第2話 朝の目覚め

「ぅぅん?」

「起きて。朝だよ」


 柔らかな女性の声が聞こえてくる。ゆらゆらと、軽く体が揺れているのを感じた。誰かに起こされている。


「ふぁぁぁっ……、んーん、おはよう」

「うん。おはよう、ハルくん」


 目を開く。窓から陽射しが射し込んでいた。もう朝か。まだ眠いが起きないとな。手足を伸ばしながら身体を起こすと、ベッドの側に美少女が立っていた。幼馴染の陽菜乃ひなのだ。彼女は、高校の制服ワイシャツの上にエプロンを着た姿だった。


「懐かしい夢を見たよ」

「どんな夢?」


 起きた瞬間から、俺は語りだす。陽菜乃は、クールな表情を浮かべて聞いてきた。彼女の表情、実は興味津々という感じかな。


「君と千尋ちひろが、子どもの頃に大喧嘩してた夢」

「懐かしい。その時に、私とちーちゃんに結婚の約束をしてくれたんだよね」


 見た目は、ほんのちょっとだけ嬉しそうに微笑む表情の陽菜乃。でも心の中では、かなり喜んでいることを俺は知っている。感情を表に出すのが、苦手なだけだった。


「そうだな。夢の中の俺もちゃんと、2人を嫁にするって宣言してた」

「うん。じゃあ、おはようのキスして」


 感情を出すのは苦手だけど、行動は大胆だった。唐突に、陽菜乃はキスを要求してくる。毎朝の日課だった。だけど俺は、少しだけ抵抗する。

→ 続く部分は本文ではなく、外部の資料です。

(* Let $P$ be a finite nonempty set of nonempty linear strings over an ordered finite alphabet $\Sigma$. Let $w_o$ be a shortest linear superstring of $P$, let $c_o$ be a shortest circular superstring of $P\cup\overline P$, and let $c$ be any circular superstring of $P\cup\overline P$. Then $$\frac{|g(c)|}{|w_o|}\le\frac{|c|}{|c_o|}\quad\text{and}\quad \frac{\|P\|-|w_o|}{\|P\|-|g(c)|}\le \frac{\|P\cup\overline P\|-|c_o|}{\|P\cup\overline P\|-|c|}.$$
   Context: $\|Q\|=\sum_{w\in Q}|w|$. Let $\overline\Sigma=\{\overline a:a\in\Sigma\}$ be a disjoint copy of $\Sigma$. The alphabet $\Sigma\cup\overline\Sigma$ is totally ordered so that $a<\overline b$ for all $a\in\Sigma$ and $\overline b\in\overline\Sigma$. For $w=a_1\dots a_k$ over $\Sigma$, set $\overline w=\overline{a_1}\dots\overline{a_k}$, and let $\overline P=\{\overline w:w\in P\}$. A circular string $\langle a_1\dots a_n\rangle$ has length $n$, and its substrings are the finite substrings of $(a_1\dots a_n)^\infty$. Superstrings (linear or circular) contain each string of the given set as a substring. For a circular superstring $c$ of $P\cup\overline P$ of length $k$, let $l(c)$ be the lexicographically smallest among the circular shifts of $c$ (read as linear strings) whose first letter is in $\Sigma$ and whose last letter is in $\overline\Sigma$. For a linear string $w$ and a sub-alphabet $\Sigma''$, $w|_{\Sigma''}$ is the subsequence of letters of $w$ lying in $\Sigma''$. Let $g'(c)$ be whichever of $l(c)|_\Sigma$ and $l(c)|_{\overline\Sigma}$ has minimal length. Then set $g(c)=a_1\dots a_k$ if either $g'(c)=a_1\dots a_k\in\Sigma^*$ or $g'(c)=\overline{a_1}\dots\overline{a_k}\in\overline\Sigma^*$. *)

From mathcomp Require Import all_boot all_order all_algebra.
Set Implicit Arguments. Unset Strict Implicit. Unset Printing Implicit Defensive.
Import Order.TTheory GRing.Theory Num.Theory.

Section Strings.
Context {disp : Order.disp_t} {S : finOrderType disp}.

(* Letters of Sigma ∪ Sigma-bar: (false, a) is a ∈ Sigma, (true, a) is a-bar. *)
Definition xletter := (bool * S)%type.

Definition in_sig (x : xletter) : bool := ~~ x.1.
Definition in_bar (x : xletter) : bool := x.1.

Definition xlt (x y : xletter) : bool :=
  (~~ x.1 && y.1) || ((x.1 == y.1) && (x.2 < y.2)%O).

Fixpoint lexle (s t : seq xletter) : bool :=
  match s, t with
  | [::], _ => true
  | _ :: _, [::] => false
  | a :: s', b :: t' => xlt a b || ((a == b) && lexle s' t')
  end.

Definition emb (w : seq S) : seq xletter := [seq (false, a) | a <- w].
Definition bar (w : seq S) : seq xletter := [seq (true, a) | a <- w].

Definition norm_set {T : Type} (Q : seq (seq T)) : nat := sumn [seq size w | w <- Q].

(* P ∪ P-bar, as a duplicate-free list (P given as a duplicate-free list) *)
Definition PPbar (P : seq (seq S)) : seq (seq xletter) :=
  undup (map emb P ++ map bar P).

Definition lin_super {T : eqType} (Q : seq (seq T)) (w : seq T) : Prop :=
  forall p, p \in Q -> infix p w.

(* u is a substring of the circular string <c>: a finite substring of c^∞ *)
Definition circ_sub {T : eqType} (u c : seq T) : Prop :=
  exists k, infix u (flatten (nseq k c)).

(* circular superstring, a circular string being represented by any of its
   linear representatives *)
Definition circ_super {T : eqType} (Q : seq (seq T)) (c : seq T) : Prop :=
  forall p, p \in Q -> circ_sub p c.

Definition lexmin (d : seq xletter) (s : seq (seq xletter)) : seq xletter :=
  foldr (fun t acc => if lexle t acc then t else acc) (head d s) s.

(* l(c): lexicographically smallest circular shift of c whose first letter is
   in Sigma and last letter in Sigma-bar (default c if there is none) *)
Definition lshift (c : seq xletter) : seq xletter :=
  lexmin c [seq r <- [seq rot i c | i <- iota 0 (size c)]
           | match r with
             | [::] => false
             | a :: _ => in_sig a && in_bar (last a r)
             end].

Definition gmap (c : seq xletter) : seq S :=
  let l := lshift c in
  let ls := filter in_sig l in
  let lb := filter in_bar l in
  map snd (if size ls <= size lb then ls else lb).

End Strings.

(* The map g keeps the smaller of the two halves l(c)|_Sigma, l(c)|_Sigma-bar
   of a rotation of c, so 2|g(c)| <= |c|. Conversely w_o followed by its barred
   copy is a circular superstring of P ∪ P-bar, so |c_o| <= 2|w_o|; and
   |c_o| <= |c| by minimality. Since ||P ∪ P-bar|| = 2||P||, both inequalities
   are instances of one comparison of fractions whose numerators and
   denominators differ by a factor of at most two. *)
From Pilot Require Import Defs.
From mathcomp Require Import all_boot all_order all_algebra.
Set Implicit Arguments. Unset Strict Implicit. Unset Printing Implicit Defensive.
Import Order.TTheory GRing.Theory Num.Theory.
Local Open Scope ring_scope.

Lemma ler_pdiv_double (R : realFieldType) (x y X Y : R) :
  0 < Y -> Y <= 2 * y -> 2 * x <= X -> 0 <= X -> x / y <= X / Y.
Proof.
move=> Y_gt0 Y_le2y le2x_X X_ge0.
have y_gt0 : 0 < y by rewrite -(pmulr_rgt0 _ (ltr0Sn R 1)) (lt_le_trans Y_gt0).
have [x_le0 | x_gt0] := lerP x 0.
  apply: (le_trans (y := 0)); first by rewrite mulr_le0_ge0 // invr_ge0 ltW.
  by rewrite divr_ge0 // ltW.
rewrite ler_pdivrMr // mulrAC ler_pdivlMr //.
apply: (le_trans (y := x * (2 * y))); first by rewrite ler_wpM2l // ltW.
by rewrite mulrA [x * 2]mulrC ler_wpM2r // ltW.
Qed.

Lemma infix_map (T U : eqType) (f : T -> U) (p w : seq T) :
  infix p w -> infix (map f p) (map f w).
Proof. by move/infixP=> [s [s' ->]]; rewrite !map_cat infix_infix. Qed.

Section Superstrings.
Variable T : eqType.

Lemma infix_circ_sub (u c : seq T) : infix u c -> circ_sub u c.
Proof. by exists 1%N; rewrite /= cats0. Qed.

Lemma circ_sub_nil (u : seq T) : circ_sub u [::] -> u = [::].
Proof. by case=> k; rewrite (_ : flatten _ = [::]) ?infixs0 => [/eqP|]; elim: k. Qed.

Lemma circ_super_size_gt0 (Q : seq (seq T)) u c :
  u \in Q -> u != [::] -> circ_super Q c -> (0 < size c)%N.
Proof.
move=> uQ u_neq0 /(_ u uQ); rewrite lt0n size_eq0.
by case: eqP => // -> /circ_sub_nil /eqP; rewrite (negPf u_neq0).
Qed.

End Superstrings.

Section LetterCopies.
Context {disp : Order.disp_t} {S : finOrderType disp}.
Implicit Types (w : seq S) (c : seq (@xletter disp S)).

Lemma mem_lexmin (d : seq (@xletter disp S)) s : lexmin d s \in d :: s.
Proof.
have mem_fold z : foldr (fun t acc => if lexle t acc then t else acc) z s \in z :: s.
  elim: s => [|a s IHs] /=; first exact: mem_head.
  case: ifP => _; first by rewrite !inE eqxx orbT.
  move: IHs; rewrite !inE => /orP[->|->]; by rewrite ?orbT.
move: (mem_fold (head d s)); rewrite /lexmin inE => /orP[/eqP-> |]; last by rewrite inE orbC => ->.
by case: s {mem_fold} => [|a s]; rewrite !inE eqxx ?orbT.
Qed.

Lemma size_lshift c : size (Defs.lshift c) = size c.
Proof.
rewrite /Defs.lshift; set rots := filter _ _.
have /predU1P[-> // | ] := mem_lexmin c rots.
by move/(mem_subseq (filter_subseq _ _))/mapP => -[i _ ->]; rewrite size_rot.
Qed.

Lemma size_gmap c : ((size (gmap c)).*2 <= size c)%N.
Proof.
rewrite /gmap size_map -(size_lshift c); set l := Defs.lshift c.
have split_l : (size (filter in_sig l) + size (filter in_bar l))%N = size l.
  rewrite !size_filter -(count_predC in_sig l); congr (_ + _)%N.
  by apply: eq_count => x; rewrite /= /in_sig /in_bar negbK.
case: ifP => le_sig_bar; rewrite -split_l -addnn.
  by rewrite leq_add2l.
by rewrite leq_add2r ltnW // ltnNge le_sig_bar.
Qed.

Lemma emb_inj : injective (@emb disp S).
Proof. by move=> w w' /(congr1 (map snd)); rewrite -!map_comp !map_id. Qed.

Lemma bar_inj : injective (@bar disp S).
Proof. by move=> w w' /(congr1 (map snd)); rewrite -!map_comp !map_id. Qed.

Lemma emb_neq_bar w w' : w != [::] -> emb w != bar w'.
Proof. by case: w => [|a w] //= _; case: w'. Qed.

Lemma norm_PPbar (P : seq (seq S)) : uniq P -> all (fun w => w != [::]) P ->
  norm_set (PPbar P) = (norm_set P).*2.
Proof.
move=> uniqP /allP nonnilP; rewrite /PPbar undup_id; last first.
  rewrite cat_uniq !map_inj_uniq ?uniqP ?andbT //=; try exact: emb_inj; try exact: bar_inj.
  apply/hasPn => _ /mapP[w' _ ->]; apply/mapP => -[w /nonnilP w_neq0].
  by apply/eqP; rewrite eq_sym emb_neq_bar.
rewrite /norm_set map_cat sumn_cat -!map_comp -addnn.
by congr (sumn _ + sumn _)%N; apply: eq_map => w /=; rewrite size_map.
Qed.

Lemma circ_super_emb_bar (P : seq (seq S)) w :
  lin_super P w -> circ_super (PPbar P) (emb w ++ bar w).
Proof.
move=> wP q; rewrite mem_undup mem_cat => /orP[] /mapP[p /wP pw ->];
  apply: infix_circ_sub; first exact/infix_catr/infix_map.
exact/infix_catl/infix_map.
Qed.

End LetterCopies.

Theorem lemma6 (disp : Order.disp_t) (S : finOrderType disp)
  (P : seq (seq S)) (w_o : seq S) (c_o c : seq (@xletter disp S)) :
  uniq P -> P != [::] -> all (fun w => w != [::]) P ->
  lin_super P w_o ->
  (forall w, lin_super P w -> (size w_o <= size w)%N) ->
  circ_super (PPbar P) c_o ->
  (forall c', circ_super (PPbar P) c' -> (size c_o <= size c')%N) ->
  circ_super (PPbar P) c ->
  ((size (gmap c))%:R / (size w_o)%:R <= (size c)%:R / (size c_o)%:R :> rat)
  /\
  ((size c < norm_set (PPbar P))%N ->
   ((norm_set P)%:R - (size w_o)%:R) / ((norm_set P)%:R - (size (gmap c))%:R)
   <= ((norm_set (PPbar P))%:R - (size c_o)%:R)
      / ((norm_set (PPbar P))%:R - (size c)%:R) :> rat).
Proof.
move=> uniqP P_neq0 nonnilP w_oP _ c_oP c_o_min cP.
have le_g_c := size_gmap c.
have le_c_o_c : (size c_o <= size c)%N by exact: c_o_min.
have le_c_o_w_o : (size c_o <= (size w_o).*2)%N.
  by have := c_o_min _ (circ_super_emb_bar w_oP); rewrite size_cat !size_map addnn.
have c_o_gt0 : (0 < size c_o)%N.
  have [p pP] : exists p, p \in P.
    by case E: P P_neq0 => [|p P'] // _; exists p; rewrite mem_head.
  apply: (circ_super_size_gt0 (u := emb p)) c_oP; first by rewrite mem_undup mem_cat map_f.
  by move/allP: nonnilP => /(_ p pP); case: p {pP}.
have nat2 (n : nat) : (n.*2)%:R = 2 * n%:R :> rat by rewrite -mul2n natrM.
split.
  by apply: ler_pdiv_double; rewrite ?ltr0n // -nat2 ler_nat.
rewrite norm_PPbar // => lt_c_N.
apply: ler_pdiv_double; rewrite ?subr_gt0 ?subr_ge0 ?ltr_nat ?ler_nat //.
  by rewrite mulrBr -!nat2 lerB ?ler_nat.
by rewrite mulrBr -!nat2 lerB ?ler_nat.
exact: leq_trans le_c_o_c (ltnW lt_c_N).
Qed.
(* Let $Q_{n,m}$ be as defined in the context. Every code of $Q_{n,m}$ has dimension at most $\lceil n/(m+1)\rceil$.
   Context: A quantum graph $G$ consists of a finite-dimensional complex inner product space $V(G)$ and a real vector space $E(G)$ of self-adjoint operators on $V(G)$ containing the identity $I$; write $|G|=\dim V(G)$ and $\|G\|=\dim E(G)-1$. A code of $G$ is a subspace $C\subseteq V(G)$ such that there is a function $\epsilon_C:E(G)\to\mathbb{R}$ with $P_CAP_C=\epsilon_C(A)P_C$ for all $A\in E(G)$, where $P_C$ is the orthogonal projection onto $C$. Let $n\ge 2$ and $1\le m\le n-1$ be integers. $Q_{n,m}$ denotes any quantum graph with $|Q_{n,m}|=n$, $\|Q_{n,m}\|=m$, such that: (i) $E(Q_{n,m})$ is commutative; (ii) (tropical) $E(Q_{n,m})$ has a basis $\{I,A_1,\dots,A_m\}$ and there is an orthonormal basis of $V(Q_{n,m})$ of common eigenvectors of the $A_i$ such that, writing the eigenvalues of $A_i$ in decreasing order $\lambda_{i,1},\dots,\lambda_{i,n}$ with corresponding common eigenvectors $w_{i,1},\dots,w_{i,n}$, one has $0<\lambda_{i,j+1}<\lambda_{i,j}/n^2$ for all $i$ and $1\le j<n$; (iii) (cyclical) for $1\le i<m$ and all $j$, $w_{i+1,j}=w_{i,j+s_i}$, with the second index taken modulo $n$ in $\{1,\dots,n\}$, where $s_i=\lfloor n/m\rfloor+1$ if $1\le i\le (n\bmod m)$ and $s_i=\lfloor n/m\rfloor$ otherwise; (iv) the common eigenvectors are enumerated as $w_1,\dots,w_n$ (each common eigenvector exactly once) so that for every $l\in\{1,\dots,n\}$ one has $w_l=w_{i,\lceil l/m\rceil}$ for some $i\in\{1,\dots,m\}$. *)

(* Complex scalars: any numClosedFieldType R (e.g. algC). *)
From HB Require Import structures.
From mathcomp Require Import all_boot all_order all_algebra.
Set Implicit Arguments. Unset Strict Implicit. Unset Printing Implicit Defensive.
Import Order.TTheory GRing.Theory Num.Theory.
Local Open Scope ring_scope.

「起きてすぐは、あんまりキスしたくないんだけど。歯磨きした後じゃ、ダメか?」

「ダメ」


 バッサリ拒否される。寝起きだから、口臭が気になってしまうんだけどなぁ。


「大丈夫。いつもの通り、カッコいいよ。だから、はい。ちゅー」


 そんな事はお構いなしに、陽菜乃は唇を突き出してきた。これは回避できないか。仕方なく、軽く唇に触れるキスを交わした。スッと顔を離すと、彼女はいつもと同じクールな表情を浮かべている。よく見ると、ちょっとだけ頬が赤くなっているかな。反応は薄いけれど、いつまでもキスに慣れないのがカワイイ。


「朝ごはんは出来てるから、身支度が終わったら来て」

「わかった。すぐ行くよ」


 そう言って、陽菜乃は満足したまま部屋を出ていった。ちゃんと目が覚めたな。


 腹が減った。ベッドから降りて、パジャマから制服に着替える。アイロンをかけてくれているから、シワのないパリッとしたシャツに袖を通す。朝から気持ちが良い。ブレザーの上着は脇に抱えて、教科書などを入れたカバンを持って部屋を出る。



*********



 自室から1階へ。まずは、顔を洗わないとな。洗面所に入ると、ドライヤーの音が聞こえてきた。


「おはよう、ハルト!」

「おう、おはよう」


 ドライヤーで髪を乾かしていたのは、千尋ちひろだった。朝から風呂に入ったのだろう。白シャツに、下はパンツだけの際どい風呂上がり姿だった。誘ってきていることには気付いている。俺の周りにいる女性たちは、度々こんな感じで仕掛けてくる。あえて無視して、朝の挨拶をした。


「む! ほら、髪を乾かしてるの。どう?」

「って、おい」


 顔を洗おうとすると、千尋は身体を寄せて頭をグイッと俺の方に突き出してくる。その瞬間、女の子のいい香りが漂ってきた。誘惑されそうだ。朝から不健全な。顔を上げて、彼女の頭頂部に意識を集中する。下には視線を向けないように。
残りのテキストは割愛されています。